The Reserve Bank of India (RBI) today announced the decision of its monetary policy meeting. RBI Governor Shaktikanta Das said that for the 11th consecutive time, no change has been made in the repo rate. This means that borrowers will not get any relief in their EMI. The Monetary Policy Committee (MPC) has decided to keep the interest rate unchanged at 6.5%.
Cut in CRR
However, RBI has reduced the Cash Reserve Ratio (CRR) by 0.5%. Now it has come down to 4%. This will facilitate banks to give more loans and they will get more liquidity. This step reflects the neutral policy of RBI, which will maintain more liquidity in the market.
Concern over food inflation
The RBI governor said that food inflation may persist in the third quarter of FY25, but it may decline in the last quarter of the year.
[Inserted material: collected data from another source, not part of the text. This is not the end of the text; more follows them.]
(* Let $G=\langle A\mid R\rangle$ be a finitely presented group ($A$, $R$ finite) with Dehn function $D$, and suppose $G\in\mathcal{B}_f$ for some function $f\in\mathfrak{F}$ that is not identically zero. Let $p,q\in\mathfrak{F}$ satisfy $p\preceq D\preceq q$. Then there exist constants $C,K,M,N$ such that $p(n)\le C n^2 q(Kf(Mn))$ for all $n\ge N$. In particular, if $p=q=n^d$ for some $d>2$, then $n^{(d-2)/d}\preceq f$; and if $p=q=\mathfrak{e}$, then $\mathfrak{i}\preceq f$.
   Context: The Dehn function of $G=\langle A\mid R\rangle$ is $D(n)=\max\{\mathrm{Area}(w): w\in S^*, |w|\le n, \pi(w)=e\}$, where $S=A\cup A^{-1}$ and $\mathrm{Area}(w)$ is the least $k$ such that $w=\prod_{i=1}^k v_i r_i^{\pm1}v_i^{-1}$ in the free group $F(A)$ with $r_i\in R$. $\mathfrak{i}(n)=n$ and $\mathfrak{e}(n)=\exp(n)$. Convolution: for $w_1,\dots,w_k\in\Sigma^*$, $w_1\otimes\cdots\otimes w_k$ is the string over $(\Sigma\cup\{\diamond\})^k$ obtained by padding the shorter strings with a new symbol $\diamond$ and reading them in parallel; a relation is FA-recognizable if the set of convolutions of its tuples is regular. $\pi:S^*\to G$ is the canonical evaluation map, $d_A$ the word metric of $\Gamma(G,A)$. A Cayley automatic representation of $G$ is a bijection $\psi:L\to G$ from a regular language $L\subseteq S^*$ such that for every $a\in A$ the relation $\{(\psi^{-1}(g),\psi^{-1}(ga)) : g\in G\}$ is FA-recognizable; its function is $h(n)=\max\{d_A(\pi(w),\psi(w)) : w\in L, |w|\le n\}$. $\mathfrak{F}$ is the set of nondecreasing functions from some interval $[Q,\infty)\cap\mathbb{N}$ to the nonnegative reals; $g\preceq f$ means there exist $N\ge0$ and positive integers $K,M$ with $g(n)\le Kf(Mn)$ for all $n\ge N$. $G\in\mathcal{B}_f$ means $G$ admits a Cayley automatic representation with $h\preceq f$ (independent of the finite generating set). *)

From Stdlib Require Import Reals Relations.Relation_Operators.
From HB Require Import structures.
From mathcomp Require Import all_boot.
Set Implicit Arguments.
Unset Strict Implicit.
Unset Printing Implicit Defensive.

(* Letters of S = A ∪ A^{-1}: (a, true) is the generator a, (a, false) is a^{-1}. *)
Notation word A := (seq (A * bool)%type).

Definition linv (A : finType) (x : A * bool) : A * bool := (x.1, ~~ x.2).
Definition winv (A : finType) (w : word A) : word A := rev (map (@linv A) w).

Inductive free_step (A : finType) : word A -> word A -> Prop :=
  | fs_intro (u v : word A) (x : A * bool) :
      free_step (u ++ x :: linv x :: v) (u ++ v).

Definition free_eq (A : finType) : word A -> word A -> Prop :=
  clos_refl_sym_trans (word A) (@free_step A).

Definition conj_rel (A : finType) (t : word A * word A * bool) : word A :=
  let: (v, r, e) := t in v ++ (if e then r else winv r) ++ winv v.

Definition area_le (A : finType) (rels : seq (word A)) (w : word A) (k : nat) : Prop :=
  exists ts : seq (word A * word A * bool),
    size ts <= k /\ (forall t, t \in ts -> t.1.2 \in rels) /\
    free_eq w (flatten (map (@conj_rel A) ts)).

Definition gtrivial (A : finType) (rels : seq (word A)) (w : word A) : Prop :=
  exists k, area_le rels w k.

Definition geq (A : finType) (rels : seq (word A)) (w v : word A) : Prop :=
  gtrivial rels (w ++ winv v).

(* D is the Dehn function of <A | rels>:
   D(n) = max { Area(w) : |w| <= n, pi(w) = e }  (written out: D n is the
   least k bounding the area of every null-homotopic word of length <= n). *)
Definition is_dehn_function (A : finType) (rels : seq (word A)) (D : nat -> nat) : Prop :=
  forall n,
    (forall w : word A, size w <= n -> gtrivial rels w -> area_le rels w (D n)) /\
    (forall k, (forall w : word A, size w <= n -> gtrivial rels w -> area_le rels w k) ->
               D n <= k).

Definition regular (S : finType) (L : seq S -> Prop) : Prop :=
  exists (Q : finType) (q0 : Q) (d : Q -> S -> Q) (F : pred Q),
    forall w, L w <-> F (foldl d q0 w).

(* Convolution u ⊗ v; None plays the role of the padding symbol ⋄. *)
Definition conv (S : finType) (u v : seq S) : seq (option S * option S) :=
  mkseq (fun i => (onth u i, onth v i)) (maxn (size u) (size v)).

(* A Cayley automatic representation psi : L -> G.  Group elements are
   represented by words (psi w is a word whose image in G is psi(w)). *)
Definition cayley_automatic (A : finType) (rels : seq (word A))
    (L : word A -> Prop) (psi : word A -> word A) : Prop :=
  regular L /\
  (forall w1 w2, L w1 -> L w2 -> geq rels (psi w1) (psi w2) -> w1 = w2) /\
  (forall g : word A, exists w, L w /\ geq rels (psi w) g) /\
  (forall a : A,
     regular (fun c => exists u v, L u /\ L v /\
                 geq rels (psi v) (psi u ++ [:: (a, true)]) /\ c = conv u v)).

Definition preceq (g f : nat -> R) : Prop :=
  exists N K M : nat, (0 < K)%N /\ (0 < M)%N /\
    forall n, (N <= n)%N -> Rle (g n) (Rmult (INR K) (f (M * n))).

(* f ∈ 𝔉 with domain [Q, ∞) ∩ ℕ (values below Q are irrelevant). *)
Definition inF (Q : nat) (f : nat -> R) : Prop :=
  (forall n m, (Q <= n)%N -> (n <= m)%N -> Rle (f n) (f m)) /\
  (forall n, (Q <= n)%N -> Rle R0 (f n)).

(* G ∈ B_f: some Cayley automatic representation has h ⪯ f, where
   h(n) = max { d_A(pi(w), psi(w)) : w ∈ L, |w| <= n }  (written out:
   h(n) <= K f(Mn) iff every such w has a connecting word u, pi(w u) = psi(w),
   with |u| <= K f(Mn)). *)
Definition in_B (A : finType) (rels : seq (word A)) (f : nat -> R) : Prop :=
  exists (L : word A -> Prop) (psi : word A -> word A),
    cayley_automatic rels L psi /\
    exists N K M : nat, (0 < K)%N /\ (0 < M)%N /\
      forall n (w : word A), (N <= n)%N -> L w -> (size w <= n)%N ->
        exists u : word A, geq rels (w ++ u) (psi w) /\
          Rle (INR (size u)) (Rmult (INR K) (f (M * n))).

From Pilot Require Import Defs.
From Stdlib Require Import Reals Lra Relations.Relation_Operators.
From mathcomp Require Import all_boot zify.
Set Implicit Arguments.
Unset Strict Implicit.
Unset Printing Implicit Defensive.

(* Right multiplication by a generator being FA-recognizable, pumping the
   automaton shows that the representatives of g and g a differ in length by
   a bounded amount and that any common prefix cut of them extends, by a
   bounded number of letters, to a related pair.  Bridging each representative
   w to the element psi(w) it stands for costs at most h(n) <= K f(M n) letters,
   so the representatives of g and g a fellow-travel at distance O(f(M n)).
   Combing a null-homotopic word of length n through the representatives of
   its prefixes then fills it with O(n^2) cells of perimeter O(f(M n)):
   D(n) <= C n^2 D(O(f(M n))).  Sandwiching D between p and q gives the bound,
   and for D = n^d or D = exp it forces the stated lower growth of f. *)

(** * Free reduction and area *)

Section FreeGroup.
Variable A : finType.
Implicit Types (x : A * bool) (u v w : word A).

Lemma linvK x : linv (linv x) = x.
Proof. by case: x => a b; rewrite /linv /= negbK. Qed.

Lemma winv_cat u v : winv (u ++ v) = winv v ++ winv u.
Proof. by rewrite /winv map_cat rev_cat. Qed.

Lemma winvK u : winv (winv u) = u.
Proof. by rewrite /winv map_rev revK -map_comp (eq_map (@linvK)) map_id. Qed.

Lemma size_winv u : size (winv u) = size u.
Proof. by rewrite /winv size_rev size_map. Qed.

Lemma free_eq_refl u : free_eq u u. Proof. exact: rst_refl. Qed.

Lemma free_eq_sym u v : free_eq u v -> free_eq v u. Proof. exact: rst_sym. Qed.

Lemma free_eq_trans u v w : free_eq u v -> free_eq v w -> free_eq u w.
Proof. exact: rst_trans. Qed.

Lemma free_eq_congr (y z u v : word A) :
  free_eq u v -> free_eq (y ++ u ++ z) (y ++ v ++ z).
Proof.
elim=> [_ _ [u0 v0 x] | a | a b _ IH | a b c _ IH1 _ IH2].
- apply: rst_step; rewrite -!catA.
  have -> : y ++ u0 ++ [:: x, linv x & v0 ++ z] = (y ++ u0) ++ [:: x, linv x & v0 ++ z].
    by rewrite catA.
  by rewrite (catA y u0); exact: fs_intro.
- exact: free_eq_refl.
- exact: free_eq_sym.
- exact: free_eq_trans IH2.
Qed.

Lemma free_eq_catl y u v : free_eq u v -> free_eq (y ++ u) (y ++ v).
Proof. by move=> /(free_eq_congr y [::]); rewrite !cats0. Qed.

Lemma free_eq_catr z u v : free_eq u v -> free_eq (u ++ z) (v ++ z).
Proof. exact: (free_eq_congr [::] z). Qed.

Lemma free_eq_cat u v u' v' :
  free_eq u u' -> free_eq v v' -> free_eq (u ++ v) (u' ++ v').
Proof. by move=> h1 h2; apply: free_eq_trans (free_eq_catr _ h1) (free_eq_catl _ h2). Qed.

Lemma free_eq_winv u v : free_eq u v -> free_eq (winv u) (winv v).
Proof.
elim=> [_ _ [u0 v0 x] | a | a b _ IH | a b c _ IH1 _ IH2].
- apply: rst_step; rewrite !winv_cat /winv /= !rev_cons -!cats1 -!catA /= linvK.
  exact: fs_intro.
- exact: free_eq_refl.
- exact: free_eq_sym.
- exact: free_eq_trans IH2.
Qed.

Lemma free_eq_catV u : free_eq (u ++ winv u) [::].
Proof.
elim: u => [|x u IH] /=; first exact: free_eq_refl.
rewrite /winv /= rev_cons -cats1 -/(winv u).
have -> : x :: u ++ winv u ++ [:: linv x] = [:: x] ++ (u ++ winv u) ++ [:: linv x].
  by rewrite catA.
apply: free_eq_trans (free_eq_congr [:: x] [:: linv x] IH) _.
exact: rst_step (@fs_intro _ [::] [::] x).
Qed.

Lemma free_eq_Vcat u : free_eq (winv u ++ u) [::].
Proof. by have := free_eq_catV (winv u); rewrite winvK. Qed.

End FreeGroup.

Section Area.
Variables (A : finType) (rels : seq (word A)).
Implicit Types (u v w a b : word A).
Local Notation area_le := (area_le rels).
Local Notation geq := (Defs.geq rels).

Lemma area_le_free_eq w w' k : free_eq w w' -> area_le w k -> area_le w' k.
Proof.
move=> h [ts [hs [hr hf]]]; exists ts; split=> //; split=> //.
exact: free_eq_trans (free_eq_sym h) hf.
Qed.

Lemma area_le_leq w k k' : k <= k' -> area_le w k -> area_le w k'.
Proof. by move=> hk [ts [hs hr]]; exists ts; split=> //; exact: leq_trans hk. Qed.

Lemma area_le_nil k : area_le [::] k.
Proof. by exists [::]; split=> //; split=> //; exact: free_eq_refl. Qed.

Lemma area_le_cat u v k1 k2 :
  area_le u k1 -> area_le v k2 -> area_le (u ++ v) (k1 + k2).
Proof.
move=> [t1 [s1 [r1 f1]]] [t2 [s2 [r2 f2]]]; exists (t1 ++ t2); split.
  by rewrite size_cat leq_add.
split; first by move=> t; rewrite mem_cat => /orP[]; [apply: r1 | apply: r2].
by rewrite map_cat flatten_cat; exact: free_eq_cat.
Qed.

Lemma area_le_conj y w k : area_le w k -> area_le (y ++ w ++ winv y) k.
Proof.
pose conj_by (t : word A * word A * bool) := let: (v, r, e) := t in (y ++ v, r, e).
move=> [ts [hs [hr hf]]]; exists (map conj_by ts); split; first by rewrite size_map.
split; first by move=> t /mapP [[[v r] e] ht ->]; exact: (hr _ ht).
apply: free_eq_trans (free_eq_congr y (winv y) hf) _.
elim: ts {hs hr hf} => [|[[v r] e] ts IH] /=; first exact: free_eq_catV.
rewrite winv_cat -!catA; do 4 apply: free_eq_catl.
apply: free_eq_trans (free_eq_catr _ (free_eq_sym (free_eq_Vcat y))) _.
by rewrite /= -catA; apply: free_eq_catl.
Qed.

Lemma area_le_winv w k : area_le w k -> area_le (winv w) k.
Proof.
pose flip (t : word A * word A * bool) := let: (v, r, e) := t in (v, r, ~~ e).
move=> [ts [hs [hr hf]]]; exists (rev (map flip ts)); split.
  by rewrite size_rev size_map.
split; first by move=> t; rewrite mem_rev => /mapP [[[v r] e] ht ->]; exact: (hr _ ht).
apply: free_eq_trans (free_eq_winv hf) _.
elim: ts {hs hr hf} => [|[[v r] e] ts IH] /=; first exact: free_eq_refl.
rewrite winv_cat rev_cons -cats1 map_cat flatten_cat /= cats0.
apply: free_eq_cat => //; rewrite !winv_cat winvK -catA.
by apply: free_eq_catl; case: e; rewrite ?winvK; exact: free_eq_refl.
Qed.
He said that food inflation reduces the disposable income of consumers, which affects spending and economic activity. Apart from this, weather-related events, financial instability, and geo-political risks can affect inflation.
Optimism on GDP growth
GDP growth in the second quarter was lower than expected, which worried many experts. But Shaktikanta Das expressed hope that high-frequency indicators show that domestic activity is now coming out of its low state. This indicates that the economic situation may stabilize.
It is worth noting that RBI's policies will have a significant impact on the Indian economy in the coming times. No change in the repo rate may be disappointing for borrowers, but a cut in CRR will strengthen the banking system. RBI is keeping an eye on food inflation and GDP growth, which can affect the economy in the coming months.